━━ DATA FOR REVIEW

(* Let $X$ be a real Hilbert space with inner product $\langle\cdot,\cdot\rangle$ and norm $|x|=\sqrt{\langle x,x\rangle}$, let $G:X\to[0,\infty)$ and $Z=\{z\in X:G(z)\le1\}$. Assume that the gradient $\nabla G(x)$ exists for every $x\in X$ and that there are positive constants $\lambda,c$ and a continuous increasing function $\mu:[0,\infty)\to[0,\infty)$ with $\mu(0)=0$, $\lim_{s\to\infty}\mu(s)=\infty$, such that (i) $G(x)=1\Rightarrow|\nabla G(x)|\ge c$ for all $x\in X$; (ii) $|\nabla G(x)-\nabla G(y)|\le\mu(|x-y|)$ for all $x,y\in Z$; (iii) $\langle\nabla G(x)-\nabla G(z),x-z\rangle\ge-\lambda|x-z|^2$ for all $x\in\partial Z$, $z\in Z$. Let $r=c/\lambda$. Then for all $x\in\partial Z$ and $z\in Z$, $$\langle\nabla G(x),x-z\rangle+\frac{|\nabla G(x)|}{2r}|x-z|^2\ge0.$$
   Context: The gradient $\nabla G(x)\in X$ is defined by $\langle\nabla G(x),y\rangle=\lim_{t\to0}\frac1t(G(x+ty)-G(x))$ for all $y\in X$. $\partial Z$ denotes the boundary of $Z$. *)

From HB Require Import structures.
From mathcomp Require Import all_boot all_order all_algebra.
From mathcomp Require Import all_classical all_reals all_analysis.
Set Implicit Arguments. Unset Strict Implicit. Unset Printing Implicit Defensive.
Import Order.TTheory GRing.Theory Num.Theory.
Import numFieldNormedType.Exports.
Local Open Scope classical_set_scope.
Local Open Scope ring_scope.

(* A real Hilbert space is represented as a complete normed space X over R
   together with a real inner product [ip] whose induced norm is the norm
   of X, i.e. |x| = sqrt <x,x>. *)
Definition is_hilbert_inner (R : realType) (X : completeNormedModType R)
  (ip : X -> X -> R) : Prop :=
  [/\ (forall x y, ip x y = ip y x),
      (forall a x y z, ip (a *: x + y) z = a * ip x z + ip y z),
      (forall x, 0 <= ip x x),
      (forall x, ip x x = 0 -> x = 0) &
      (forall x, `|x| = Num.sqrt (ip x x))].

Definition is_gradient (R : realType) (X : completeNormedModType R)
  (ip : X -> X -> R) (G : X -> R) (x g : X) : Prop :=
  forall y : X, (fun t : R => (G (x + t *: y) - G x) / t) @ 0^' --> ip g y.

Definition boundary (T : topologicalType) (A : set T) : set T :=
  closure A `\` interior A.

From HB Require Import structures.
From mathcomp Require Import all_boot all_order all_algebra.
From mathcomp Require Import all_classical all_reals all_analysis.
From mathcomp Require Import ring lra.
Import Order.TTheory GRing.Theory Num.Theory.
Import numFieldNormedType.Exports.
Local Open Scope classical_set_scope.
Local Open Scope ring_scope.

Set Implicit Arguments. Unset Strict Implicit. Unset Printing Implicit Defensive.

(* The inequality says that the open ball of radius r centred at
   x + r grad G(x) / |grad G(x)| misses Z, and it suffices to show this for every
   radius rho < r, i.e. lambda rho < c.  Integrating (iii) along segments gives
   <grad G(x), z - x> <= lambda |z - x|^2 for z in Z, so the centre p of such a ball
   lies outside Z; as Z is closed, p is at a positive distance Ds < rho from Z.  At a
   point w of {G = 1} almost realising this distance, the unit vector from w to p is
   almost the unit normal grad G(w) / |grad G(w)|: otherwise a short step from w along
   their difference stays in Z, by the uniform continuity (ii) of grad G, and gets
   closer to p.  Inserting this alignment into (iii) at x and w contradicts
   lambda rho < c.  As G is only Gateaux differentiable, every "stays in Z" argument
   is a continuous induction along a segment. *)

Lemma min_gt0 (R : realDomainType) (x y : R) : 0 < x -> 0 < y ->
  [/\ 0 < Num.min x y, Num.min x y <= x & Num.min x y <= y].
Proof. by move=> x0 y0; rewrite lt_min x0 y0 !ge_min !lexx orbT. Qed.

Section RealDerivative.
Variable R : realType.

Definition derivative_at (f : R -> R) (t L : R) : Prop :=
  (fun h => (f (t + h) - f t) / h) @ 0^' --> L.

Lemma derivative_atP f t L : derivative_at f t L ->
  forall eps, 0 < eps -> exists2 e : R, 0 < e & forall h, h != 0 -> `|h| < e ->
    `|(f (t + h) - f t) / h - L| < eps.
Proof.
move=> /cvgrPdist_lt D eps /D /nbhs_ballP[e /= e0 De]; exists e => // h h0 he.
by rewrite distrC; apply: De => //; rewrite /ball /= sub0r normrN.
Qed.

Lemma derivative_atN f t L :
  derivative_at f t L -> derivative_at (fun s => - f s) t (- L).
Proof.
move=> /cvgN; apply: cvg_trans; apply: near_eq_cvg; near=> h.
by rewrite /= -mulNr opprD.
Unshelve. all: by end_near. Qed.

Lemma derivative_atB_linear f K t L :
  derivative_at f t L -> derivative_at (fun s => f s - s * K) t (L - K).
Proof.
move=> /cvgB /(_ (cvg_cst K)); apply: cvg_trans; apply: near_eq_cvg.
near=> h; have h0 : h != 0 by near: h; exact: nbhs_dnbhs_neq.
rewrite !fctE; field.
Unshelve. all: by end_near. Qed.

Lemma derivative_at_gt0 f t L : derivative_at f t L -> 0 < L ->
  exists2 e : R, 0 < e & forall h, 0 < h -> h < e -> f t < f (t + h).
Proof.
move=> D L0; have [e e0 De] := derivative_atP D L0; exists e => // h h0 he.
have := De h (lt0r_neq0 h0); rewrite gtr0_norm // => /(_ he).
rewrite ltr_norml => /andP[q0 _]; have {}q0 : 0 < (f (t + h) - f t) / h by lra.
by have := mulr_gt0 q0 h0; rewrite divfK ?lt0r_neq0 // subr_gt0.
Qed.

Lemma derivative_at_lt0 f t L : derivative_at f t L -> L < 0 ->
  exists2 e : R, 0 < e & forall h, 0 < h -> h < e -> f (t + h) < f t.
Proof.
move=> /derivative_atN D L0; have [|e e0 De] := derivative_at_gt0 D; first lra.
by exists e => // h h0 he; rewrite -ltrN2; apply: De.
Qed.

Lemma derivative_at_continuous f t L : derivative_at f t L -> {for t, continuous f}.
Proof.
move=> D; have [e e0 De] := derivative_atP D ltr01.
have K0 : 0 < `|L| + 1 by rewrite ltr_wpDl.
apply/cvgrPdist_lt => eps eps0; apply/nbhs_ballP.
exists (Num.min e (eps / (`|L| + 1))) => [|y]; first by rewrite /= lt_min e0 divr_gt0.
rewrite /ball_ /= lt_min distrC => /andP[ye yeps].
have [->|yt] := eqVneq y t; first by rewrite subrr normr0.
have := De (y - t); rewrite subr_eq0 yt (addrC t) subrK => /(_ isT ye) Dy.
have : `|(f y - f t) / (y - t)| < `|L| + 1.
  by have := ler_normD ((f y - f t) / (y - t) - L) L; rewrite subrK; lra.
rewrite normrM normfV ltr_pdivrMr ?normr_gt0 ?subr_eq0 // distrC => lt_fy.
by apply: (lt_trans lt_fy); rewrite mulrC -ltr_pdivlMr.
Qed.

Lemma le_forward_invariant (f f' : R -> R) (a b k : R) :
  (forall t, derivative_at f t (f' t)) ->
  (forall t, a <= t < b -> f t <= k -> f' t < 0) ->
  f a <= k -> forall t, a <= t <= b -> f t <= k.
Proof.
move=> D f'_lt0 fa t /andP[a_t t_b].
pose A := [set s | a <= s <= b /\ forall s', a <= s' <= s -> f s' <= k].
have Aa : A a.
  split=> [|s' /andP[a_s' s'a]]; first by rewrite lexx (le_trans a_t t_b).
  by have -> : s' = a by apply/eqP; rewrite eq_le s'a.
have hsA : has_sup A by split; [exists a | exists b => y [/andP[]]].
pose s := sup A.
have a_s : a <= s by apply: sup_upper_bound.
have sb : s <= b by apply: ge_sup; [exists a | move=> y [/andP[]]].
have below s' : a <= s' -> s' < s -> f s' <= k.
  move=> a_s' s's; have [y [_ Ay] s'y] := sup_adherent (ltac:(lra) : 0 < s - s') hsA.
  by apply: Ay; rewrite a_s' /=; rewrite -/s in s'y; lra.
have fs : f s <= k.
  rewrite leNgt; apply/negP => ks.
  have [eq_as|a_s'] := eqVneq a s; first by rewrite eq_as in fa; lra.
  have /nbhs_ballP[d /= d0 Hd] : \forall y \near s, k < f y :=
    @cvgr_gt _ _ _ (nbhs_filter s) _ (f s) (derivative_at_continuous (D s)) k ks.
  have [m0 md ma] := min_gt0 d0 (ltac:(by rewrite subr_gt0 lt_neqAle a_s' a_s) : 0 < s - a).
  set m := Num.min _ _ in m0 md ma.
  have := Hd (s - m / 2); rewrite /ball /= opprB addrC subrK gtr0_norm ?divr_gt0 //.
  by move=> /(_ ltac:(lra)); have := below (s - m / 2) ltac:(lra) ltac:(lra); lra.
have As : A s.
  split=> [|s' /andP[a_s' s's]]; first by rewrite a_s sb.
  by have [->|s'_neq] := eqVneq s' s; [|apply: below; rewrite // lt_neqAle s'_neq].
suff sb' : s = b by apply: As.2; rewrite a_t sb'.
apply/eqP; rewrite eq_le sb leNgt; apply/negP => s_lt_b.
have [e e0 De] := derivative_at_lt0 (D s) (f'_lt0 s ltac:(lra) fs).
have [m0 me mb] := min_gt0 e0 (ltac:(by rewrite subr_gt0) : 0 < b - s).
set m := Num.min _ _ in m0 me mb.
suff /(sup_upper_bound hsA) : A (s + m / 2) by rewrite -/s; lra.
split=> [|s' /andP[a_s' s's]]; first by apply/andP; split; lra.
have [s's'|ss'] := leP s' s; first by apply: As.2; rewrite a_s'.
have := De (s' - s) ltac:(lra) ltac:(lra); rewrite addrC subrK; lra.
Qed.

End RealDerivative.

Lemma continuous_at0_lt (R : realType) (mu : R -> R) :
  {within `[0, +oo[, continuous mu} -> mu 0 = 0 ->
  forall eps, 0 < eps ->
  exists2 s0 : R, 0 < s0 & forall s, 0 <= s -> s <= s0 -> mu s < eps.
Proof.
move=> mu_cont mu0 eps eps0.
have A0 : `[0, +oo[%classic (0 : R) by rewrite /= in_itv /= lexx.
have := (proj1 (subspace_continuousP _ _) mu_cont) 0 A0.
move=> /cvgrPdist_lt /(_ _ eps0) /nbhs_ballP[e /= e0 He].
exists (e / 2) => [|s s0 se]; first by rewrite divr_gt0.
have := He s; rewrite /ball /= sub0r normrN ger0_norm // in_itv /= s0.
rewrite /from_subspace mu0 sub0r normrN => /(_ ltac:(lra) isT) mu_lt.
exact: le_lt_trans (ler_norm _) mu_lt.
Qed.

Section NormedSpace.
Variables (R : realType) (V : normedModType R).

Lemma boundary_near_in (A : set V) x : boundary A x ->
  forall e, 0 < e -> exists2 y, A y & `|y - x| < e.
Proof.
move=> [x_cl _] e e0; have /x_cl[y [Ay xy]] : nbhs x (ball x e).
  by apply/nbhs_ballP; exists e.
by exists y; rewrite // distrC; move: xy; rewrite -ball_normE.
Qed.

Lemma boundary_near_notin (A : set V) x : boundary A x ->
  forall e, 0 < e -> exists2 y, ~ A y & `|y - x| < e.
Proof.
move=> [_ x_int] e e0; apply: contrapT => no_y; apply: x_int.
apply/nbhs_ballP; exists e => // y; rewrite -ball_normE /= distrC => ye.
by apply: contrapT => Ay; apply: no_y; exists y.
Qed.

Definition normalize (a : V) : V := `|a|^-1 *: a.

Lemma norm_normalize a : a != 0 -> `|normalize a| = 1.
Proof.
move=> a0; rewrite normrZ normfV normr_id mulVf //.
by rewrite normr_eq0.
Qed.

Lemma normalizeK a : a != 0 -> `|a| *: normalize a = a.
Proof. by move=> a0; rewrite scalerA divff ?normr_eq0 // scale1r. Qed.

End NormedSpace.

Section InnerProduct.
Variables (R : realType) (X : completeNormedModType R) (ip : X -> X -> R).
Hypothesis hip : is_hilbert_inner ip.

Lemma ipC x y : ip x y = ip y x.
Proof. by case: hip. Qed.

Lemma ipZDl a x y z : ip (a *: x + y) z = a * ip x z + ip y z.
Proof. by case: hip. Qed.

━━━━
━━ DATA FOR REVIEW

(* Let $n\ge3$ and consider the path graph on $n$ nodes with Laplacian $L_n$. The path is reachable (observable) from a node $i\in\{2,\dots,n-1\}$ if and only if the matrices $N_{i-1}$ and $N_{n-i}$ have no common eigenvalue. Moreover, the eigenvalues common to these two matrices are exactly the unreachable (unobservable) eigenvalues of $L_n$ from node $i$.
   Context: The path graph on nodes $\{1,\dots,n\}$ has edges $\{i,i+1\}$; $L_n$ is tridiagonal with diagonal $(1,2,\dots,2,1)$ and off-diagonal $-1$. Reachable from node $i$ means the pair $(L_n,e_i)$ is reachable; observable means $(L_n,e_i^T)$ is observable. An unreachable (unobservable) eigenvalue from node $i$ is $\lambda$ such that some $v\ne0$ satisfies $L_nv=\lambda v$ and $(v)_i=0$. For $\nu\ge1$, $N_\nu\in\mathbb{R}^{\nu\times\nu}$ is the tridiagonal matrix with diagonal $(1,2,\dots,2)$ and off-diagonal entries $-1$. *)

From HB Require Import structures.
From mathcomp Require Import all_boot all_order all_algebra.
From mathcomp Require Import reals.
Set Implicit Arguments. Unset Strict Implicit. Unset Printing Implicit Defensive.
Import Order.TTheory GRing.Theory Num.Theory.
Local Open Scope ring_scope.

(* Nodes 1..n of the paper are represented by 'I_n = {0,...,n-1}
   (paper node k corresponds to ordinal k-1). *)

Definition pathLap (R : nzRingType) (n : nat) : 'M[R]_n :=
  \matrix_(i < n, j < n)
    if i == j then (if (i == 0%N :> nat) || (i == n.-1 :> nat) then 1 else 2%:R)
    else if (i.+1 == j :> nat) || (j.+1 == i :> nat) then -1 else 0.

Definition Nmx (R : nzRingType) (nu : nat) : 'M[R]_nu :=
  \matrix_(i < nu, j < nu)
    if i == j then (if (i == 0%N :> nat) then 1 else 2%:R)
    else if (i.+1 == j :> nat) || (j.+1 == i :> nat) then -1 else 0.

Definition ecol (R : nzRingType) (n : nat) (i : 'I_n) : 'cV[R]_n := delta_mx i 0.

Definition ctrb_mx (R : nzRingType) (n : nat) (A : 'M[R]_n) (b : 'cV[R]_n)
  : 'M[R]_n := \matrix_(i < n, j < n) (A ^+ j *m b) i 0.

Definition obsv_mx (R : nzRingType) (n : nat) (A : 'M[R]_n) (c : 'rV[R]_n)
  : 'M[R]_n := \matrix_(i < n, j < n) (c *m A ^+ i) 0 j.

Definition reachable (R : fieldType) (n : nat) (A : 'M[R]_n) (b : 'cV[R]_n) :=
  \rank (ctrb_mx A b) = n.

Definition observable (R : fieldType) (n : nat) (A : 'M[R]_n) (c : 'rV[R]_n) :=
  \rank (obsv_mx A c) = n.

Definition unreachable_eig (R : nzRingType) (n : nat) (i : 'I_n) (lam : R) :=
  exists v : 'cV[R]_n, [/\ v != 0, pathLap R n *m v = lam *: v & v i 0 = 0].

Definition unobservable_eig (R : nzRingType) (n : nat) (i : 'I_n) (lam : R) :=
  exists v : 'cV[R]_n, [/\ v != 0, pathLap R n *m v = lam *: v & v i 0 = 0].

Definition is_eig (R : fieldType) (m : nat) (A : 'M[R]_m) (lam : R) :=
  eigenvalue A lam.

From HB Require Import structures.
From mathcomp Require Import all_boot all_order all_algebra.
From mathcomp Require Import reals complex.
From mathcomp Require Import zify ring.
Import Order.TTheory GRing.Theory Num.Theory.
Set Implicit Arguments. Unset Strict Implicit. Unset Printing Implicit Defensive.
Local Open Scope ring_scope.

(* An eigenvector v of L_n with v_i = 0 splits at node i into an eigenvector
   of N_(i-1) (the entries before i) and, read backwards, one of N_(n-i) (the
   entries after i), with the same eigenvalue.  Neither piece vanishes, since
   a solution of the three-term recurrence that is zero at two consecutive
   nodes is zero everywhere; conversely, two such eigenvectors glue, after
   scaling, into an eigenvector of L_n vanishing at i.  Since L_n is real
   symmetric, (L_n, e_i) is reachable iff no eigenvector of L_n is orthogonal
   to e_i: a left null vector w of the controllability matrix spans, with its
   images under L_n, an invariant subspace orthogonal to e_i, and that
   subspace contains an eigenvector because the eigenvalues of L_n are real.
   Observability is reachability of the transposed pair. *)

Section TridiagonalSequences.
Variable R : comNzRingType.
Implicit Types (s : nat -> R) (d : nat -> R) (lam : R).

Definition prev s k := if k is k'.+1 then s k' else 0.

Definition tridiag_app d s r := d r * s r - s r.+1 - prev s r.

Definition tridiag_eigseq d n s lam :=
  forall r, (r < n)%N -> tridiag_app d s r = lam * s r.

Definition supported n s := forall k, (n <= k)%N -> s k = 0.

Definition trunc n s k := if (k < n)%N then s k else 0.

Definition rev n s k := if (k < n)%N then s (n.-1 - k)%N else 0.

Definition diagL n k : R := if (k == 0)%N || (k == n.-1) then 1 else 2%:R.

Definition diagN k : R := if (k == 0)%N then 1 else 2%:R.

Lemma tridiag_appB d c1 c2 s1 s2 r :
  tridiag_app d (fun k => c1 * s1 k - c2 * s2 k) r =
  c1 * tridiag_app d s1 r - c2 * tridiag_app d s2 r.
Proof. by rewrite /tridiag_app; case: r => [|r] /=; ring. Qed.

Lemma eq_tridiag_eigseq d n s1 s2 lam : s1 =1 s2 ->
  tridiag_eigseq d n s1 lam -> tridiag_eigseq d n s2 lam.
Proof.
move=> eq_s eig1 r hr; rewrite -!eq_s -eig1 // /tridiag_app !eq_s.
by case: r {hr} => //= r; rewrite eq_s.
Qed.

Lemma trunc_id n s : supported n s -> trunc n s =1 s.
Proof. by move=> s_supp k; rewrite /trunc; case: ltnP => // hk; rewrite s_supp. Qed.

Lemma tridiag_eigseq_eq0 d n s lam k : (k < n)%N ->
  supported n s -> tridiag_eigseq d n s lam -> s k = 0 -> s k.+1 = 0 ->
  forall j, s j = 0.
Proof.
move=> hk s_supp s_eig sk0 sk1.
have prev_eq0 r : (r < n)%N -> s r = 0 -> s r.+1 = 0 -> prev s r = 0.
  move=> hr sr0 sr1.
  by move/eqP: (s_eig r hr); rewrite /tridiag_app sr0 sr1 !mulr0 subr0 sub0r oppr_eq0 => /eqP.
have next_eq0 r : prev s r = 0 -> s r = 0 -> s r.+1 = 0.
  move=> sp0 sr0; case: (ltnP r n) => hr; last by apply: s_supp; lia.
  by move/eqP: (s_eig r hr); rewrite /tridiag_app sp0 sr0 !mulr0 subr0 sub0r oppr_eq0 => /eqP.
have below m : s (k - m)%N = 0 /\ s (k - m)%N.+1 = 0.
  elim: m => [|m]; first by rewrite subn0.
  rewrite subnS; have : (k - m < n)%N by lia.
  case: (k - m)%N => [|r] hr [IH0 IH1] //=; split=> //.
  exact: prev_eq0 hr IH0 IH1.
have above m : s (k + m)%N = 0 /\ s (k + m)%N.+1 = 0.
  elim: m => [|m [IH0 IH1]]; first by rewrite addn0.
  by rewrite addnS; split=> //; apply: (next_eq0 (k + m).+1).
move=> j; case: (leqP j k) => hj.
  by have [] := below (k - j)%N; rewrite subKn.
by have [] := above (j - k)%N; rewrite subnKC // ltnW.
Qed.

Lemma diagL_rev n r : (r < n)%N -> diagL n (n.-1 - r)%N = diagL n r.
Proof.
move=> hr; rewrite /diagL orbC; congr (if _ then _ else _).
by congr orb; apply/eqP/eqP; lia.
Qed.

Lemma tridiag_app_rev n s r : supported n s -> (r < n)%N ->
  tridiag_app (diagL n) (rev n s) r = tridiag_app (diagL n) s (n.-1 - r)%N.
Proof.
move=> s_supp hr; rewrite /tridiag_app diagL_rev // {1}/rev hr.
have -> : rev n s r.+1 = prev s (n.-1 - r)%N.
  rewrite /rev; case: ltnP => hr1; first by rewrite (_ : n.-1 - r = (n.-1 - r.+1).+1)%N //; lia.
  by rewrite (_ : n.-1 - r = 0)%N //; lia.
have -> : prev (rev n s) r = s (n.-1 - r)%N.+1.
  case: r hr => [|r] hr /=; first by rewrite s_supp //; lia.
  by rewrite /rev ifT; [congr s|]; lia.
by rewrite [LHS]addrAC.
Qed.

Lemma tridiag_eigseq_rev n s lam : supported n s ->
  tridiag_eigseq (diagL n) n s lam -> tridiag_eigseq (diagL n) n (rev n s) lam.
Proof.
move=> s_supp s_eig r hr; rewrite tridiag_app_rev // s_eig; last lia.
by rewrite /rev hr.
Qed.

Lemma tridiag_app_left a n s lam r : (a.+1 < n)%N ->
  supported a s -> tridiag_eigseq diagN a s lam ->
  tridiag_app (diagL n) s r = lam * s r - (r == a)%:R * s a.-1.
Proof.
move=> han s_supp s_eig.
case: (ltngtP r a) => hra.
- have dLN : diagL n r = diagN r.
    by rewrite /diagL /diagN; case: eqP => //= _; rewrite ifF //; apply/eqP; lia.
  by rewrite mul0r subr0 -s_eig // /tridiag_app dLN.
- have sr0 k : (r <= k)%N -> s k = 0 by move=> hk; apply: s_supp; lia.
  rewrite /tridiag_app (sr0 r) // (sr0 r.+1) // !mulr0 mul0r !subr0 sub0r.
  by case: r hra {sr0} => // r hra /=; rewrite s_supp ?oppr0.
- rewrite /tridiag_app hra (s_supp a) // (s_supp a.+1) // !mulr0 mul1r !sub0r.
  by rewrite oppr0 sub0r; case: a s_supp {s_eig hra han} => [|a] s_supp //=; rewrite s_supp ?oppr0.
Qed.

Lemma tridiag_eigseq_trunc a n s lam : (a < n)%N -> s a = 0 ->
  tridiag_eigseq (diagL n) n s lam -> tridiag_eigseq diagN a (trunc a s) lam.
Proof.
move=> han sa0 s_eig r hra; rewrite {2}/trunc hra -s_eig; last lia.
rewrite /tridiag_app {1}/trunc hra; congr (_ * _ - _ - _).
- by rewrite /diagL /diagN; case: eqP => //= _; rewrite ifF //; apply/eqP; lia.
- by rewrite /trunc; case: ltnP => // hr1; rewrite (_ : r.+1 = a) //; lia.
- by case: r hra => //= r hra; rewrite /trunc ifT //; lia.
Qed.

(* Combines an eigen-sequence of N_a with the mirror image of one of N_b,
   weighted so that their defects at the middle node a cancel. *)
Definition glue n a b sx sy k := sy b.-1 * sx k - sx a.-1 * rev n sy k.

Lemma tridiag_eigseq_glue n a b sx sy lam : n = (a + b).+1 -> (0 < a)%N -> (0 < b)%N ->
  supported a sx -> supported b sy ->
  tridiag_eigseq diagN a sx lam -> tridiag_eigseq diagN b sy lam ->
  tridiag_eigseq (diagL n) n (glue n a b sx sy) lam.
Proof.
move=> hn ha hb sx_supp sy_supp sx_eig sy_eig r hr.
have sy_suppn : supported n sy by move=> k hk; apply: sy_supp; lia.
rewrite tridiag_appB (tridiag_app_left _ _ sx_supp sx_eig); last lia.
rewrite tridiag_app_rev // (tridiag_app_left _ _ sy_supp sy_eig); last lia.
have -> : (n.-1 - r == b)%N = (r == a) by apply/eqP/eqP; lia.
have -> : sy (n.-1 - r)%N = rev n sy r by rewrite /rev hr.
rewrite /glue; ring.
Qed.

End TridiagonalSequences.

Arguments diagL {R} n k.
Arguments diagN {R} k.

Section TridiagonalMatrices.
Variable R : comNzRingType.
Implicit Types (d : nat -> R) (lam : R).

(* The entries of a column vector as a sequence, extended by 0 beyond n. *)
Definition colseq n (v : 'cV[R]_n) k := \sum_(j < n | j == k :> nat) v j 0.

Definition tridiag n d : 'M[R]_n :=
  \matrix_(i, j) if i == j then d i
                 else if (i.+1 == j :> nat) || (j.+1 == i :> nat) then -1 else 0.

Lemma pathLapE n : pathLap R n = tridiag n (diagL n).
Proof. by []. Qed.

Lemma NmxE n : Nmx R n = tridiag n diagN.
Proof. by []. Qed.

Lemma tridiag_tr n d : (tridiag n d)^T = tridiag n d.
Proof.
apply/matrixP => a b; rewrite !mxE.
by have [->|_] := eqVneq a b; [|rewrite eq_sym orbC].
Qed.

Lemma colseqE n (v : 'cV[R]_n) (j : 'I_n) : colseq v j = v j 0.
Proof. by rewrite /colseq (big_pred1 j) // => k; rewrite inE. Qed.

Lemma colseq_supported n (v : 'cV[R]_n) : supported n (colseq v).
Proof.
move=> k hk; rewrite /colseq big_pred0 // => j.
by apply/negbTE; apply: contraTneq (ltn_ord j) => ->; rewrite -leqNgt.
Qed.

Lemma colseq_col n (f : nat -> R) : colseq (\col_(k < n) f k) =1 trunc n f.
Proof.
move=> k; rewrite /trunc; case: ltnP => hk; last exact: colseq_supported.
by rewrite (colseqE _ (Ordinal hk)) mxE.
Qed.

━━━━

WORK ITEM = Would you please repeat exactly the lines above, starting at the line with "(* Let $X$ be" and stopping at the line with "(* A real Hilbert", both included?

ANSWER FOR THE TASK =
(* Let $X$ be a real Hilbert space with inner product $\langle\cdot,\cdot\rangle$ and norm $|x|=\sqrt{\langle x,x\rangle}$, let $G:X\to[0,\infty)$ and $Z=\{z\in X:G(z)\le1\}$. Assume that the gradient $\nabla G(x)$ exists for every $x\in X$ and that there are positive constants $\lambda,c$ and a continuous increasing function $\mu:[0,\infty)\to[0,\infty)$ with $\mu(0)=0$, $\lim_{s\to\infty}\mu(s)=\infty$, such that (i) $G(x)=1\Rightarrow|\nabla G(x)|\ge c$ for all $x\in X$; (ii) $|\nabla G(x)-\nabla G(y)|\le\mu(|x-y|)$ for all $x,y\in Z$; (iii) $\langle\nabla G(x)-\nabla G(z),x-z\rangle\ge-\lambda|x-z|^2$ for all $x\in\partial Z$, $z\in Z$. Let $r=c/\lambda$. Then for all $x\in\partial Z$ and $z\in Z$, $$\langle\nabla G(x),x-z\rangle+\frac{|\nabla G(x)|}{2r}|x-z|^2\ge0.$$
   Context: The gradient $\nabla G(x)\in X$ is defined by $\langle\nabla G(x),y\rangle=\lim_{t\to0}\frac1t(G(x+ty)-G(x))$ for all $y\in X$. $\partial Z$ denotes the boundary of $Z$. *)

From HB Require Import structures.
From mathcomp Require Import all_boot all_order all_algebra.
From mathcomp Require Import all_classical all_reals all_analysis.
Set Implicit Arguments. Unset Strict Implicit. Unset Printing Implicit Defensive.
Import Order.TTheory GRing.Theory Num.Theory.
Import numFieldNormedType.Exports.
Local Open Scope classical_set_scope.
Local Open Scope ring_scope.

(* A real Hilbert space is represented as a complete normed space X over R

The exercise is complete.